Fiscal First Quarter Financial Results
Total revenue for the first quarter of fiscal 2024 was $4.3 million as compared to $5.3 million during the first quarter of fiscal 2023. The change in total revenue was attributable to previously announced client non-renewals offset by successful implementation of new SaaS contracts.
SaaS revenue totaled $2.7 million and $3.2 million and represented 63% and 60% of total revenue during the first quarter of fiscal 2024 and 2023 respectively. As previously reported, the Company had a SaaS contract which did not renew at the end of its 2023 fiscal year. On a pro forma basis, excluding the revenue recognized from that contract SaaS revenue grew 22% in the first quarter of fiscal 2024 compared to the first quarter of fiscal 2023.
Net loss for the first quarter of fiscal 2024 was ($2.7 million) compared to a net loss of ($2.9 million) during the first quarter of fiscal 2023. The improved net loss despite lower revenue resulted from cost savings achieved through the strategic restructuring executed during fiscal 2023 offset by higher interest expense and non-cash valuation adjustments.
Cash and cash equivalents as of April 30, 2024 was $4.0 million compared to $3.2 million as of January 31, 2024. The Company had access to $2.0 million of liquidity through its revolving credit facility as of April 30, 2024, compared to $0.5 million as of January 31, 2024. During the first quarter of fiscal 2024 the Company closed a private placement of common stock, unsecured promissory notes and warrants resulting in aggregate gross proceeds of approximately $4.5 million.

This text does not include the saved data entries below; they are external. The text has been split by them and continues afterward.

Lemma ratiodca_step_neg lam xk x F G : lam < 0 -> norm2 xk <= 1 ->
  dc_residual lam xk = 0 -> subgrad f2 xk F -> subgrad g2 xk G ->
  ball_minimizer (fun xi => g1 xi - dotv xi G + lam^-1 * (dotv xi F - f1 xi)) x ->
  dc_residual lam x <= 0 /\ (dc_residual lam x = 0 -> nonlin_eigen f1 f2 g1 g2 lam x).
Proof.
move=> lam_lt0 xk_ball res_xk F_sub G_sub x_min.
have a_ge0 : 0 <= - lam by rewrite oppr_ge0 ltW.
have gapE y : dc_gap f1 f2 g2 g1 (- lam) y = dc_residual lam y.
  by rewrite /dc_gap /dc_residual; ring.
have gap_xk : dc_gap f1 f2 g2 g1 (- lam) xk = 0 by rewrite gapE.
have model_min : ball_minimizer (dc_model f1 g1 (- lam) F G) x.
  apply: (ball_minimizerZ (a := - lam)) x_min; first by rewrite oppr_gt0.
  by move=> y; rewrite /dc_model; field; rewrite lt_eqF.
split=> [|res_x]; first by rewrite -gapE (dc_model_descent sf2 sg2 a_ge0 F_sub G_sub).
have [s1 [s2 [t1 [t2 [s1_sub s2_sub t1_sub t2_sub eq0]]]]] :=
  dc_model_stationary sf1 sf2 sg2 sg1 a_ge0 F_sub G_sub xk_ball model_min gap_xk
    ltac:(by rewrite gapE).
by exists s1, s2, t2, t1; split=> //; rewrite -scaleNr.
Qed.

Lemma dc_ratio_descent_or_eigen lam x : 0 < g1 x - g2 x ->
  dc_residual lam x <= 0 /\ (dc_residual lam x = 0 -> nonlin_eigen f1 f2 g1 g2 lam x) ->
  dc_ratio f1 f2 g1 g2 x < lam \/
  dc_ratio f1 f2 g1 g2 x = lam /\
    nonlin_eigen f1 f2 g1 g2 (dc_ratio f1 f2 g1 g2 x) x.
Proof.
move=> D_gt0 [res_le0 res_eigen].
have resE : dc_residual lam x = (dc_ratio f1 f2 g1 g2 x - lam) * (g1 x - g2 x).
  rewrite -[LHS]subr0 -(dc_residual_ratio (lt0r_neq0 D_gt0)) /dc_residual; ring.
move: res_le0 res_eigen; rewrite resE pmulr_lle0 // subr_le0 le_eqVlt.
case/orP=> [/eqP ratio_eq|]; last by left.
by rewrite ratio_eq subrr mul0r => /(_ erefl) eigen; right.
Qed.

End RatioDCA.

Unset Implicit Arguments.

Theorem theorem4p1 (R : realType) (n : nat)
  (f1 f2 g1 g2 : 'rV[R]_n -> R)
  (x : nat -> 'rV[R]_n) (F2 G : nat -> 'rV[R]_n) :
  convex_fun f1 -> convex_fun f2 -> convex_fun g1 -> convex_fun g2 ->
  pos_one_homogeneous f1 -> pos_one_homogeneous f2 ->
  pos_one_homogeneous g1 -> pos_one_homogeneous g2 ->
  (forall y, 0 <= g1 y - g2 y) ->
  norm2 (x 0%N) = 1 ->
  (forall k, 0 < g1 (x k) - g2 (x k)) ->
  (forall k, subgrad f2 (x k) (F2 k)) ->
  (forall k, 0 <= dc_ratio f1 f2 g1 g2 (x k) ->
     subgrad g1 (x k) (G k) /\
     ball_minimizer (fun xi => f1 xi - dotv xi (F2 k)
                               + dc_ratio f1 f2 g1 g2 (x k) * (g2 xi - dotv xi (G k)))
                    (x k.+1)) ->
  (forall k, dc_ratio f1 f2 g1 g2 (x k) < 0 ->
     subgrad g2 (x k) (G k) /\
     ball_minimizer (fun xi => g1 xi - dotv xi (G k)
                               + (dc_ratio f1 f2 g1 g2 (x k))^-1 * (dotv xi (F2 k) - f1 xi))
                    (x k.+1)) ->
  forall k,
    dc_ratio f1 f2 g1 g2 (x k.+1) < dc_ratio f1 f2 g1 g2 (x k) \/
    (dc_ratio f1 f2 g1 g2 (x k.+1) = dc_ratio f1 f2 g1 g2 (x k) /\
     nonlin_eigen f1 f2 g1 g2 (dc_ratio f1 f2 g1 g2 (x k.+1)) (x k.+1)).
Proof.
move=> cf1 cf2 cg1 cg2 hf1 hf2 hg1 hg2 _ x0_unit D_gt0 F2_sub step_nonneg step_neg k.
have sf1 := convex_homogeneous_sublinear cf1 hf1.
have sf2 := convex_homogeneous_sublinear cf2 hf2.
have sg1 := convex_homogeneous_sublinear cg1 hg1.
have sg2 := convex_homogeneous_sublinear cg2 hg2.
have x_ball j : norm2 (x j) <= 1.
  case: j => [|j]; first by rewrite x0_unit.
  by case: (lerP 0 (dc_ratio f1 f2 g1 g2 (x j))) => [/step_nonneg|/step_neg] [_ []].
have res_xk := dc_residual_ratio f1 f2 (lt0r_neq0 (D_gt0 k)).
apply: dc_ratio_descent_or_eigen (D_gt0 k.+1) _.
case: (lerP 0 (dc_ratio f1 f2 g1 g2 (x k))) => [lam_ge0|lam_lt0].
- have [G_sub x_min] := step_nonneg k lam_ge0.
  exact: (ratiodca_step_nonneg sf1 sf2 sg1 sg2 lam_ge0 (x_ball k) res_xk (F2_sub k)
            G_sub x_min).
- have [G_sub x_min] := step_neg k lam_lt0.
  exact: (ratiodca_step_neg sf1 sf2 sg1 sg2 lam_lt0 (x_ball k) res_xk (F2_sub k)
            G_sub x_min).
Qed.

Adjusted EBITDA for the first quarter of fiscal 2024 was ($0.7 million) compared to ($1.3 million) during the first quarter of fiscal 2023. The significant improvement of Adjusted EBITDA is the result of the Company’s focus on the growth of its SaaS revenue solutions as well as significant cost savings achieved through the previously announced strategic restructuring.
As of April 30, 2024, the Company’s total Booked SaaS Annual Contract Value (“ACV”) was $15.6 million compared to $15.0 million as of January 31, 2024. $11.6 million of the Booked SaaS ACV was implemented as of April 30, 2024 as compared to $11.1 million as of January 31, 2024. Subsequent to the end of the fiscal quarter, the Company successfully booked additional contracts and implemented existing contracts. As a result, as of June 11, 2024 booked SaaS ACV totaled $15.9 million and $13.1 million was implemented.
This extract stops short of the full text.